Records contained in a dataset:

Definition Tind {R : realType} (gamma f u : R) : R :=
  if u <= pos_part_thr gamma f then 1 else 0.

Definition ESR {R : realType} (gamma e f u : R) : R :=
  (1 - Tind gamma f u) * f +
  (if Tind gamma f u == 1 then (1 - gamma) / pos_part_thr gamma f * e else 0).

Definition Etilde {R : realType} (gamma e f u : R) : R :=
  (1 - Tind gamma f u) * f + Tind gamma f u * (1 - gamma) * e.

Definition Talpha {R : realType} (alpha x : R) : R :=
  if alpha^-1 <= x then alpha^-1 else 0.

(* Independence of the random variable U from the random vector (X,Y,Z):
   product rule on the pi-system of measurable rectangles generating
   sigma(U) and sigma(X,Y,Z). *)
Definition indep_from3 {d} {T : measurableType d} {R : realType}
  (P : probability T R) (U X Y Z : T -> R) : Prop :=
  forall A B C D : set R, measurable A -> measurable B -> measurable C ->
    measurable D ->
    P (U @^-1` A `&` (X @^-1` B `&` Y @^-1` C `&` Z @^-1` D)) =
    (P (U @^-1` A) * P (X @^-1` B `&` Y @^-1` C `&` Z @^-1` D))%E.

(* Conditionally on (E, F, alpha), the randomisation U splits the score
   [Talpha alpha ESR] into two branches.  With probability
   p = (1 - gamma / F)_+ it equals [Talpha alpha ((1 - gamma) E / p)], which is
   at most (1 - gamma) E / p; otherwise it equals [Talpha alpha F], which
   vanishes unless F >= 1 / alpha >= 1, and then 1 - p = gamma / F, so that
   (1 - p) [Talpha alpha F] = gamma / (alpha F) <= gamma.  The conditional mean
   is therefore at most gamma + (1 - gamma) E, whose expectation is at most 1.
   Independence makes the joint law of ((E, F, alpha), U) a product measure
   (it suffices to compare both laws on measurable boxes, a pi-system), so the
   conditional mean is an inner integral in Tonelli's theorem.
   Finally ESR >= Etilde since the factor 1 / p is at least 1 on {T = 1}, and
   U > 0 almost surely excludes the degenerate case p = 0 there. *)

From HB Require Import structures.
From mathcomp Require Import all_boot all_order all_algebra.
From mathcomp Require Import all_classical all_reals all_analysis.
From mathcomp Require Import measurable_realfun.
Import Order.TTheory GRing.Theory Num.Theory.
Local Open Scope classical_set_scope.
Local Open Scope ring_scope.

* * *

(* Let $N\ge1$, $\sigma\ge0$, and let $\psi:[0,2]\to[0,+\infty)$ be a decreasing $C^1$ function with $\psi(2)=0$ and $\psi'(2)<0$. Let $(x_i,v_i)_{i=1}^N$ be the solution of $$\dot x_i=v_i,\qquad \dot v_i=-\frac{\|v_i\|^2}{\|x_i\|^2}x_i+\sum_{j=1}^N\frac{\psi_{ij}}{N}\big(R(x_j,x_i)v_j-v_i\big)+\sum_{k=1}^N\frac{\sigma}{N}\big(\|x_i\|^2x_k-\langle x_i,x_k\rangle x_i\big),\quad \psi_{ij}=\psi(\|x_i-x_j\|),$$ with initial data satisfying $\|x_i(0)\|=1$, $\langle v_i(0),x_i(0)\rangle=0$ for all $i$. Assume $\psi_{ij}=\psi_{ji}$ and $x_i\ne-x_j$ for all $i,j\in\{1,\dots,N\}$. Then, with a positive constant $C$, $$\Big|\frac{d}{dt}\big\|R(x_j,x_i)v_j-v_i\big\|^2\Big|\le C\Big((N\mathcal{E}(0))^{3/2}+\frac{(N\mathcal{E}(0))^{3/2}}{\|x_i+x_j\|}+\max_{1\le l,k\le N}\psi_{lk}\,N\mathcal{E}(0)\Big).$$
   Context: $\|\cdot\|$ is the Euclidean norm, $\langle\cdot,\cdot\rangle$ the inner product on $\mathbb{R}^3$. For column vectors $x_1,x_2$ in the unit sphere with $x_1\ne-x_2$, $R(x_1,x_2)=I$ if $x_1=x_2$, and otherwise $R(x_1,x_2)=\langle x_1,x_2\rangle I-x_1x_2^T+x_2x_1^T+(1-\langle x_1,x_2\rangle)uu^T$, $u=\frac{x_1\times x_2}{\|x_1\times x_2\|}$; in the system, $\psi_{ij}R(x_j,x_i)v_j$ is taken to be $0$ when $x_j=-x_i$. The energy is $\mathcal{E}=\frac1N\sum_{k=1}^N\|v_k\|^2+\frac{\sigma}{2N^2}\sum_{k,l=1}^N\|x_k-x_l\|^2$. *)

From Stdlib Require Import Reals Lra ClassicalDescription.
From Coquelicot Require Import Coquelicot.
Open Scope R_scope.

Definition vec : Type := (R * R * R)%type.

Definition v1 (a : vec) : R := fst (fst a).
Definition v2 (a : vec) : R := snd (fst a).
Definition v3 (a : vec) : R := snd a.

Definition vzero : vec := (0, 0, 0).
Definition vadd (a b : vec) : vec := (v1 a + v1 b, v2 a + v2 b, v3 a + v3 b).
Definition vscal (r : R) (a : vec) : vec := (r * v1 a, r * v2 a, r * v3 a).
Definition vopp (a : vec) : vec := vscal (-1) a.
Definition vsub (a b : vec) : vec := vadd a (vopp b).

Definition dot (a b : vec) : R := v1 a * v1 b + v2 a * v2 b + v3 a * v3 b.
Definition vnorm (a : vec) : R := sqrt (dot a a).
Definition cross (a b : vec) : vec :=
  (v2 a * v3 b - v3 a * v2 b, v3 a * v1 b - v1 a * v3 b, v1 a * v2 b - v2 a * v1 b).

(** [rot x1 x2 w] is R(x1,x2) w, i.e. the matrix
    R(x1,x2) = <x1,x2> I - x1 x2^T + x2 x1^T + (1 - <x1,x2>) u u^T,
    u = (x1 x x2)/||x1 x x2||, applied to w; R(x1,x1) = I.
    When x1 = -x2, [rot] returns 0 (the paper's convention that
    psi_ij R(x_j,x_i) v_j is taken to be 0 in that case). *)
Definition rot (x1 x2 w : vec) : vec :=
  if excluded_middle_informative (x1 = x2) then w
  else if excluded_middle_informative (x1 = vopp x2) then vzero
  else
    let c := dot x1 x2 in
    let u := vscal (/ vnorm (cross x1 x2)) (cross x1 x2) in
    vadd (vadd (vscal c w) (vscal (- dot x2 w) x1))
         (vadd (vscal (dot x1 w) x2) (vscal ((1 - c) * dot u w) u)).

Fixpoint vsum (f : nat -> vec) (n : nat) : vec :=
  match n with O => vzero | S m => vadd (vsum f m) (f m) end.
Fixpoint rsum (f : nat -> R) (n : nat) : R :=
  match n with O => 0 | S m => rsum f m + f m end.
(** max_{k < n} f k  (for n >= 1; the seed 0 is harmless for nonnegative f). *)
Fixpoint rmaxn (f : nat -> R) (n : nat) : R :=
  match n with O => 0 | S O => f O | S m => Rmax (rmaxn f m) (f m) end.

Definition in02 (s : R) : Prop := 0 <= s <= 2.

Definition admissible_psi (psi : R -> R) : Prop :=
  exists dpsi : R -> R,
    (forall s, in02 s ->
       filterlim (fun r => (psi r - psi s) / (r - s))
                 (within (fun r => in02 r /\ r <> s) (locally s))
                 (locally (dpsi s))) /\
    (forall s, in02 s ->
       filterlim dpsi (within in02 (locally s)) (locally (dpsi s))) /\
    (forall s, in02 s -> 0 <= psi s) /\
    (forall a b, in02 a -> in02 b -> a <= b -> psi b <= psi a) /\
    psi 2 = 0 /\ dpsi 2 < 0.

WORK TO BE COMPLETED: Whichever lines of the data include the word "vopp", pull them out.

EXERCISE ANSWER:
Definition vopp (a : vec) : vec := vscal (-1) a.
Definition vsub (a b : vec) : vec := vadd a (vopp b).
  else if excluded_middle_informative (x1 = vopp x2) then vzero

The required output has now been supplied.